Do you honestly expect people to accept that you are too dense and unable to address the documented evidence here that this is your only thoughts or reaction and answer to what was posted?
What documented evidence? You didn't provide any, did you?
Apparently you are trying to explain how our subpoenas of December 6 and 12, 2007, really could be issued after the plaintiffs' motions of Dec. 18, 2007, and June 25, 2008. Lots of luck.
By the way, you quote above where Jerrie Hayes refers to a proposed protective order she submitted "as part of Plaintiffs’ 26(f) Report." Could you please provide a link to where one can actually read that document as it was sumitted to the court with that report? Hint: see Doc. 18 at
http://www.3abnvjoy.com/mad-07cv40098/. Then quote for us the actual text of that proposed order.
Hint: Jerrie never submitted any such proposed protective order with the 26(f) report.
If the state of Washington felt like it had to make sure that 3ABN wasn't deceiving it in regards to the charitable gift annuity debacle up there, then certainly we have been justified in maintaining that we must be allowed to challenge any document Danny or 3ABN produces.
What does that mean? That means we have to be allowed to get the documents from collateral sources, not just the dishonest plaintiffs. We have to be allowed to make sure that any bank statements given to us by Danny and 3ABN are the same as the ones MidCountry or any other bank has.

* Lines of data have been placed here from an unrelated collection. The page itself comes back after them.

Lemma continuous_induction (P : R -> Prop) :
  P 0 ->
  (forall m, 0 < m -> (forall s, 0 <= s < m -> P s) -> P m) ->
  (forall t, 0 <= t -> P t -> at_right t P) ->
  forall T, 0 <= T -> P T.
Proof.
  intros H0 Hleft Hright T HT.
  set (E := fun x => 0 <= x <= T /\ forall s, 0 <= s <= x -> P s).
  assert (HE0 : E 0) by (split; [lra | intros s Hs; now replace s with 0 by lra]).
  destruct (completeness E) as [m [Hub Hlub]].
  { exists T; intros x [Hx _]; lra. }
  { now exists 0. }
  assert (Hm0 : 0 <= m) by now apply Hub.
  assert (HmT : m <= T) by (apply Hlub; intros x [Hx _]; lra).
  assert (Hbelow : forall s, 0 <= s < m -> P s).
  { intros s Hs; apply NNPP; intros Hn.
    enough (m <= s) by lra.
    apply Hlub; intros x [_ Hx]; apply Rnot_lt_le; intros Hsx; apply Hn, Hx; lra. }
  assert (Hm : P m) by (destruct Hm0 as [Hm0| <-]; auto).
  destruct HmT as [HmT| ->]; [exfalso | exact Hm].
  destruct (at_right_ex m P (Hright m Hm0 Hm)) as [d [Hd Hd']].
  set (x := m + Rmin d (T - m) / 2).
  pose proof (Rmin_l d (T - m)); pose proof (Rmin_r d (T - m)).
  assert (0 < Rmin d (T - m)) by (apply Rmin_case; lra).
  assert (Hx : E x).
  { split; [unfold x; lra|]; intros s Hs.
    destruct (Rlt_le_dec s m) as [|[Hms| <-]]; [apply Hbelow; lra | | exact Hm].
    apply Hd'; unfold x in Hs; lra. }
  pose proof (Hub x Hx); unfold x in *; lra.
Qed.

Lemma is_derive_sin_minus (u v : R -> R) t du dv :
  is_derive u t du -> is_derive v t dv ->
  is_derive (fun s => sin (u s - v s)) t (cos (u t - v t) * (du - dv)).
Proof.
  intros Hu Hv.
  assert (Huv : is_derive (fun s => u s - v s) t (du - dv)).
  { apply (is_derive_minus (K := R_AbsRing) (V := R_NormedModule)); auto. }
  assert (Hsin : is_derive sin (u t - v t) (cos (u t - v t))).
  { apply is_derive_Reals, derivable_pt_lim_sin. }
  rewrite Rmult_comm.
  exact (is_derive_comp (K := R_AbsRing) (V := R_NormedModule) sin _ t _ _ Hsin Huv).
Qed.

Lemma cos_ge_of_abs_le x g : Rabs x <= g -> g <= PI -> cos g <= cos x.
Proof.
  intros H Hg.
  replace (cos x) with (cos (Rabs x))
    by (destruct (Rcase_abs x); [rewrite Rabs_left, cos_neg | rewrite Rabs_right]; auto).
  destruct H as [H| ->]; [|lra].
  left; apply cos_decreasing_1; pose proof (Rabs_pos x); lra.
Qed.

Lemma exp_weighted_nonincreasing (V : R -> R) a :
  (forall s, 0 < s -> exists dv, is_derive V s dv /\ dv <= - a * V s) ->
  forall s t, 0 < s <= t -> V t * exp (a * t) <= V s * exp (a * s).
Proof.
  intros HV s t [Hs [Hst| <-]]; [|lra].
  set (W := fun r => V r * exp (a * r)).
  assert (HW : forall r, 0 < r -> is_derive W r (Derive W r) /\ Derive W r <= 0).
  { intros r Hr; destruct (HV r Hr) as [dv [Hdv Hle]].
    assert (HD : is_derive W r (dv * exp (a * r) + V r * (a * exp (a * r)))).
    { apply (is_derive_mult (K := R_AbsRing) V (fun r => exp (a * r))); auto.
      - auto_derive; [constructor | ring].
      - intros; apply Rmult_comm. }
    rewrite (is_derive_unique _ _ _ HD); split; auto.
    pose proof (exp_pos (a * r)); nra. }
  apply (derive_nonpos_le W (Derive W) s t Hst).
  - apply (is_derive_right_lim _ _ (Derive W s)), HW, Hs.
  - intros x Hx; apply HW; lra.
  - intros x Hx; apply HW; lra.
Qed.

Lemma is_lim_0_of_sqr_le_exp (f : R -> R) A a : 0 < a ->
  (forall t, 1 < t -> f t ^ 2 <= A * exp (- (a * t))) -> is_lim f p_infty 0.
Proof.
  intros Ha Hf.
  assert (Hexp : is_lim (fun t => A * exp (- (a * t))) p_infty 0).
  { replace (Finite 0) with (Rbar_mult A 0) by (simpl; f_equal; ring).
    apply is_lim_scal_l, (is_lim_comp exp (fun t => - (a * t)) p_infty 0 m_infty).
    - apply is_lim_exp_m.
    - replace m_infty with (Rbar_opp (Rbar_mult a p_infty))
        by (simpl; destruct (Rle_dec 0 a) as [H|]; [destruct (Rle_lt_or_eq_dec 0 a H)|];
            simpl; auto; lra).
      apply is_lim_opp, is_lim_scal_l, is_lim_id.
    - exists 0; intros; discriminate. }
  apply is_lim_spec; intros e; apply is_lim_spec in Hexp.
  destruct (Hexp (mkposreal (e * e) (Rmult_lt_0_compat _ _ (cond_pos e) (cond_pos e))))
    as [M HM]; simpl in HM.
  exists (Rmax 1 M); intros t Ht.
  specialize (HM t (Rle_lt_trans _ _ _ (Rmax_r 1 M) Ht)).
  specialize (Hf t (Rle_lt_trans _ _ _ (Rmax_l 1 M) Ht)).
  rewrite Rminus_0_r in *; rewrite <- pow2_abs in Hf.
  apply Rabs_def2 in HM; pose proof (cond_pos e); pose proof (Rabs_pos (f t)); nra.
Qed.

Lemma fold_Rmax_ge (w : nat -> R) l x0 a : In a l -> w a <= fold_right Rmax x0 (map w l).
Proof.
  induction l; intros Ha; [destruct Ha|]; destruct Ha as [->|Ha]; simpl; [apply Rmax_l|].
  eapply Rle_trans; [apply IHl, Ha | apply Rmax_r].
Qed.

Lemma fold_Rmin_le (w : nat -> R) l x0 a : In a l -> fold_right Rmin x0 (map w l) <= w a.
Proof.
  induction l; intros Ha; [destruct Ha|]; destruct Ha as [->|Ha]; simpl; [apply Rmin_l|].
  eapply Rle_trans; [apply Rmin_r | apply IHl, Ha].
Qed.

Lemma in_seq0 n a : (a < n)%nat -> In a (seq 0 n).
Proof. intros; apply in_seq; lia. Qed.

Lemma omega_diff_le N (w : nat -> R) a b : (a < N)%nat -> (b < N)%nat ->
  w a - w b <= omega_max N w - omega_min N w.
Proof.
  intros Ha Hb; unfold omega_max, omega_min.
  pose proof (fold_Rmax_ge w (seq 0 N) (w 0%nat) a (in_seq0 N a Ha)).
  pose proof (fold_Rmin_le w (seq 0 N) (w 0%nat) b (in_seq0 N b Hb)); lra.
Qed.

Lemma kuramoto_rhs_diff N K w th a b :
  kuramoto_rhs N K w th a - kuramoto_rhs N K w th b =
  w a - w b - K / INR N * lsum (seq 0 N) (fun j => sin (th a - th j) + sin (th j - th b)).
Proof.
  unfold kuramoto_rhs; fold (lsum (seq 0 N) (fun j => sin (th j - th a))).
  fold (lsum (seq 0 N) (fun j => sin (th j - th b))).
  rewrite lsum_plus.
  rewrite (lsum_ext _ (fun j => sin (th a - th j)) (fun j => - sin (th j - th a)))
    by (intros; rewrite <- sin_neg; f_equal; ring).
  rewrite lsum_opp; ring.
Qed.

Lemma filterlim_kuramoto_rhs {T : Type} {F : (T -> Prop) -> Prop} {FF : Filter F}
  N K w (th : T -> nat -> R) th0 i :
  (forall k, (k < N)%nat -> filterlim (fun x => th x k) F (locally (th0 k))) -> (i < N)%nat ->
  filterlim (fun x => kuramoto_rhs N K w (th x) i) F (locally (kuramoto_rhs N K w th0 i)).
Proof.
  intros H Hi; apply filterlim_Rplus; [apply filterlim_const|].
  apply filterlim_Rmult_l, (filterlim_lsum _ (fun j x => sin (th x j - th x i))).
  intros j Hj; apply in_seq in Hj.
  eapply filterlim_comp; [apply filterlim_Rminus; apply H; lia | apply continuous_sin].
Qed.

Section Kuramoto.
Variables (N : nat) (K eps : R) (omega : nat -> R).
Hypothesis N_pos : (1 <= N)%nat.
Hypothesis eps_range : 0 < eps < PI / 4.
Hypothesis K_large :
  K > INR N * (omega_max N omega - omega_min N omega) / (2 * cos (2 * eps)).

Lemma coupling_facts :
  0 < K /\ omega_max N omega - omega_min N omega < 2 * K * cos (2 * eps) / INR N.
Proof.
  pose proof PI_RGT_0.
  assert (Hc : 0 < cos (2 * eps)) by (apply cos_gt_0; lra).
  assert (HNp : 0 < INR N) by (apply lt_0_INR; lia).
  pose proof (omega_diff_le N omega 0 0 ltac:(lia) ltac:(lia)).
  set (D := omega_max N omega - omega_min N omega) in *.
  assert (HK' : INR N * D < K * (2 * cos (2 * eps))).
  { apply (Rmult_lt_compat_r (2 * cos (2 * eps))) in K_large; [|lra].
    unfold Rdiv in K_large; rewrite Rmult_assoc, Rinv_l, Rmult_1_r in K_large; lra. }
  split; [nra|].
  apply (Rmult_lt_reg_l (INR N)); auto.
  replace (INR N * (2 * K * cos (2 * eps) / INR N)) with (K * (2 * cos (2 * eps)))
    by (field; lra); lra.
Qed.

Lemma rhs_diff_neg_at_boundary th a b : in_D N eps th -> (a < N)%nat -> (b < N)%nat ->
  th a - th b = PI / 2 - 2 * eps -> kuramoto_rhs N K omega th a - kuramoto_rhs N K omega th b < 0.
Proof.
  intros HD Ha Hb Hab.
  destruct coupling_facts as [HK0 Hw].
  pose proof PI_RGT_0.
  assert (HNp : 0 < INR N) by (apply lt_0_INR; lia).
  assert (Hne : a <> b) by (intros ->; lra).
  rewrite kuramoto_rhs_diff.
  set (S := lsum (seq 0 N) (fun j => sin (th a - th j) + sin (th j - th b))).
  assert (HS : 2 * cos (2 * eps) <= S).
  { assert (Hnn : forall j, In j (seq 0 N) -> 0 <= sin (th a - th j) + sin (th j - th b)).
    { intros j Hj; apply in_seq in Hj.
      pose proof (HD j b ltac:(lia) Hb); pose proof (HD a j Ha ltac:(lia)).
      pose proof (Rle_abs (th j - th b)); pose proof (Rle_abs (th a - th j)).
      apply Rplus_le_le_0_compat; apply sin_ge_0; lra. }
    pose proof (lsum_ge_two_terms _ _ a b (seq_NoDup N 0) Hnn (in_seq0 N a Ha) (in_seq0 N b Hb) Hne)
      as H2.
    cbv beta in H2; rewrite !Rminus_diag, sin_0, Hab, sin_shift in H2; fold S in H2; lra. }
  pose proof (omega_diff_le N omega a b Ha Hb).
  assert (2 * K * cos (2 * eps) / INR N <= K / INR N * S).
  { replace (2 * K * cos (2 * eps) / INR N) with (K / INR N * (2 * cos (2 * eps)))
      by (field; lra).
    apply Rmult_le_compat_l; [apply Rlt_le, Rdiv_lt_0_compat|]; auto. }
  lra.
Qed.

Variable theta : nat -> R -> R.
Hypothesis theta_sol : is_kuramoto_solution N K omega theta.
Hypothesis theta0_in_D : in_D N eps (fun i => theta i 0).

Lemma theta_right_continuous k t : (k < N)%nat -> 0 <= t ->
  filterlim (theta k) (at_right t) (locally (theta k t)).
Proof.
  destruct theta_sol as [H0 H1]; intros Hk [Ht| <-]; [|auto].
  eapply is_derive_right_lim, H1; auto.
Qed.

But back to the main point: Simpson explicitly stated, "Frustrated by delays they encountered as this Court considered what sort of protective order and limits on the scope of discovery would be appropriate, Defendants circumvented this Court and obtained subpoenas from sister courts in Minnesota, Illinois, Michigan ...."
- On December 12, 2007, when the court in Minnesota issued that second subpoena, the court in Massachusetts wasn't considering any such things, since the plaintiffs hadn't filed their motions yet.
- There were no delays at that point, other than the Rule 26(a)(1) materials, since Danny and 3ABN didn't respond to my requests to produce until January.
- Judge Saylor had already explicitly ruled that there would be no stay of discovery while such motions were being crafted, filed, and ruled upon.
- While the date of the first subpoena, Dec. 6, 2007, is important, it doesn't tell you how early we were thinking about going after the bank records.
In going through some correspondence, looks like I started giving thought to subpoenas by October 29, 2007, which would be before I went pro se. I had started drafting one by Nov. 12, 2007.
How much earlier do we need to go before you are convinced that Atty. Greg Simpson lied to the court on that point?